Maybe you could pull down THERMAL_APIC_VECTOR/THRESHOLD_APIC_VECTOR
instead. Why you choose UV_BAU_MESSAGE?
Thanks,
H.Seto
On Mon, Apr 20, 2009 at 09:26:56AM +0900, Hidetoshi Seto wrote:
> Andi Kleen wrote:
> > I put the reboot vector into the highest priority bucket
> > of the APIC vectors and moved the 64bit UV_BAU message
> > down instead into the next lower priority.
>
> I had forgotten to point this...
>
> > @@ -88,12 +88,14 @@
> > #define THERMAL_APIC_VECTOR 0xfa
> >
> > #ifdef CONFIG_X86_32
> > -/* 0xf8 - 0xf9 : free */
> > +/* 0xf9 : free */
> > #else
> > # define THRESHOLD_APIC_VECTOR 0xf9
> > -# define UV_BAU_MESSAGE 0xf8
> > #endif
> >
> > +#define REBOOT_VECTOR 0xf8
> > +
> > +
> > /* f0-f7 used for spreading out TLB flushes: */
> > #define INVALIDATE_TLB_VECTOR_END 0xf7
> > #define INVALIDATE_TLB_VECTOR_START 0xf0
> > @@ -116,6 +118,8 @@
> > */
> > #define GENERIC_INTERRUPT_VECTOR 0xed
> >
> > +#define UV_BAU_MESSAGE 0xec
> > +
> > /*
> > * First APIC vector available to drivers: (vectors 0x30-0xee) we
> > * start at 0x31(0x41) to spread out vectors evenly between priority
>
> Does this change (=pulling down the priority of UV_BAU_VECTOR) not impact
> users of the UV_BAU_MESSAGE?
I don't think UV_BAU_MESSAGE is really critical in that the world
explodes if it gets processed a little later. AFAIK it's just
used for user space TLB flushes. So putting it in a lower bucket
is fine.
BTW these priorities don't make too much difference anyways, it only
helps slightly under livelock situations when a lot of messages
are pending in the APIC. They're not a full spl like scheme.

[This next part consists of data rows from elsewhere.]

Lemma dual_prod_coefE f g h : dual_prod_coef f g h =
  [&& pdeg h == pdeg f + pdeg g, psplitl (pdeg f) h == f & psplitr (pdeg f) h == g].
Proof.
set c := [&& _, _ & _]; rewrite /dual_prod_coef.
rewrite (@eq_in_count _ _ (fun i => (i == pdeg f) && c)); last first.
  move=> i; rewrite mem_iota add0n ltnS /= => Hi.
  apply/andP/andP => [[/eqP El /eqP Er] | [/eqP -> /and3P [_ /eqP -> /eqP ->]]] //.
  have [Ei Hdeg] := split_degrees Hi El Er.
  by rewrite /c Hdeg -Ei El Er !eqxx.
case Hc: c; last by rewrite (eq_count (a2 := pred0)) ?count_pred0 // => i; rewrite andbF.
rewrite (eq_count (a2 := pred1 (pdeg f))) => [|i]; last by rewrite andbT.
rewrite count_uniq_mem ?iota_uniq // mem_iota.
by move: Hc => /and3P [/eqP -> _ _]; rewrite add0n ltnS leq_addr.
Qed.

Lemma parking_interval f g h : is_pf f -> is_pf g -> is_pf h ->
  (park_le (punder f g) h /\ park_le h (pover f g)) <->
  [&& pdeg h == pdeg f + pdeg g, psplitl (pdeg f) h == f & psplitr (pdeg f) h == g].
Proof.
case: f g h => [s1 s2] [t1 t2] [p1 p2].
move=> /and3P [Ps /eqP Ns _] /and3P [Pt _ _] /and3P [Pp _ _].
rewrite /park_le /punder /pover /pdeg /psplitl /psplitr /=.
have Hw := weak_interval_std Ps Pt Pp; have Ht := tamari_interval s2 t2 p2.
rewrite Ns in Ht.
split=> [[[W1 T1] [W2 T2]] | /and3P [/eqP Hsz /eqP [El1 El2] /eqP [Er1 Er2]]].
- have [Hsz E1 E2] := Hw.1 (conj W1 W2); have [E3 E4] := Ht.1 (conj T1 T2).
  by rewrite Hsz E1 E2 E3 E4 !eqxx.
- have [W1 W2] := Hw.2 (And3 Hsz El1 Er1); have [T1 T2] := Ht.2 (conj El2 Er2).
  by split; split.
Qed.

> I can see why REBOOT_VECTOR need to be highest priority.
In theory a NMI would be be even better, but that has the usual
problems with broken systems that don't handle NMIs properly.
> Maybe you could pull down THERMAL_APIC_VECTOR/THRESHOLD_APIC_VECTOR
> instead. Why you choose UV_BAU_MESSAGE?

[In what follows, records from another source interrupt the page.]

(* $\mathrm T_s(\mathbb F) \not\subseteq \mathsf{AC}^0$. In particular, the language $\mathrm{MAJ}=\{w\in\{0,1\}^+ : \#_1(w) > \#_0(w)\}$, where $\#_\sigma(w)$ is the number of occurrences of $\sigma$ in $w$, is recognized by a transformer over floats with saturated attention and size-preserving embedding and activation functions, yet is not in $\mathsf{AC}^0$.
   Context: Datatypes. All values are binary strings. A float is a rational number whose denominator is a power of $2$, encoded as a sign bit together with a pair $\langle p,q\rangle$ of unsigned binary integers (value $(2s-1)p/q$, $q$ a power of $2$); addition and multiplication are exact rational operations (which yield floats). Division is implemented via an approximate inverse: for an integer $p$, $p^{-1}$ has numerator $\lfloor 2^{|p|}/p\rfloor$ and denominator $2^{|p|}$; dividing by a float $\langle p,q\rangle$ multiplies by numerator $\lfloor 2^{|p|}/p\rfloor\cdot q$ over denominator $2^{|p|}$. The size $|x|$ of a value is its length in bits. A function $f$ on bitstrings is size-preserving if there are constants $c,N$ with $|f(x)|\le c|x|$ whenever $|x|\ge N$; $\mathcal S$ is the set of such functions. Saturated attention: for $a\in\mathbb D^n$, $\mathcal M(a)=\{i:a_i=\max_j a_j\}$, $s(a)_j=1/|\mathcal M(a)|$ for $j\in\mathcal M(a)$, else $0$. Transformer over datatype $\mathbb D$ with alphabet $\Sigma$, dimension $k$, $L$ layers, $H$ heads: embedding $\phi:\Sigma\times\mathbb N\to\mathbb D^k$ in $\mathcal S$, scoring functions $s_{\ell,h}:\mathbb D^k\times\mathbb D^k\to\mathbb D$, activation functions $f_\ell\in\mathcal S$. On $w\in\Sigma^n$: $v_{0,i}=\phi(w_i,i)$; $a_{\ell,h,i,j}=s_{\ell,h}(v_{\ell,i},v_{\ell,j})$; $b_{\ell+1,h,i}=\sum_j\alpha(a_{\ell,h,i,\cdot})_j v_{\ell,j}$ (arithmetic in $\mathbb D$); $v_{\ell+1,i}=f_{\ell+1}(v_{\ell,i},b_{\ell+1,1,i},\dots,b_{\ell+1,H,i})$. It recognizes $L$ if for a rational affine map $W,b$: $W v_{L,1}(w)+b>0\iff w\in L$. $\mathrm T_\alpha(\mathbb D)$ is the class of languages so recognized with attention $\alpha$, datatype $\mathbb D$, some $k$, and embedding/activation functions in $\mathcal S$. $\mathsf{AC}^0$ is the class of languages $L\subseteq\{0,1\}^*$ recognized by a (non-uniform) family of circuits $\{C_n\}$, with unbounded fan-in AND/OR gates (inputs are the bits and their negations), polynomial size and constant depth, where $C_{|w|}(w)=1\iff w\in L$. *)

From HB Require Import structures.
From mathcomp Require Import all_boot all_order all_algebra.
Set Implicit Arguments. Unset Strict Implicit. Unset Printing Implicit Defensive.
Import Order.TTheory GRing.Theory Num.Theory.
Local Open Scope nat_scope.

(* Bit length of an unsigned binary integer (|0| = 1, i.e. the string "0"). *)
Definition bitlen (n : nat) : nat := (trunc_log 2 n).+1.

(* Floats: sign bit s, unsigned integers p and q = 2^e; value (2s-1) p / q. *)
Record float := Float { fsgn : bool; fnum : nat; fexp : nat }.

Definition fden (x : float) : nat := 2 ^ fexp x.

Definition fval (x : float) : rat :=
  ((if fsgn x then 1 else -1) * (fnum x)%:R / (fden x)%:R)%R.

Definition fsize (x : float) : nat := 1 + bitlen (fnum x) + bitlen (fden x).

Definition fint (x : float) : int :=
  if fsgn x then Posz (fnum x) else (- Posz (fnum x))%R.

Definition fzero : float := Float true 0 0.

Thermal should probably stay in the high bucket too, but yes THRESHOLD_APIC
could be used too.
-Andi
P.S.: This patch is imho a 2.6.30 candidate too, without it all panics
with interrupts off (including all machimne checks) print ugly backtraces.
This has been a regression since two releases or so.
--
[email protected] -- Speaking for myself only.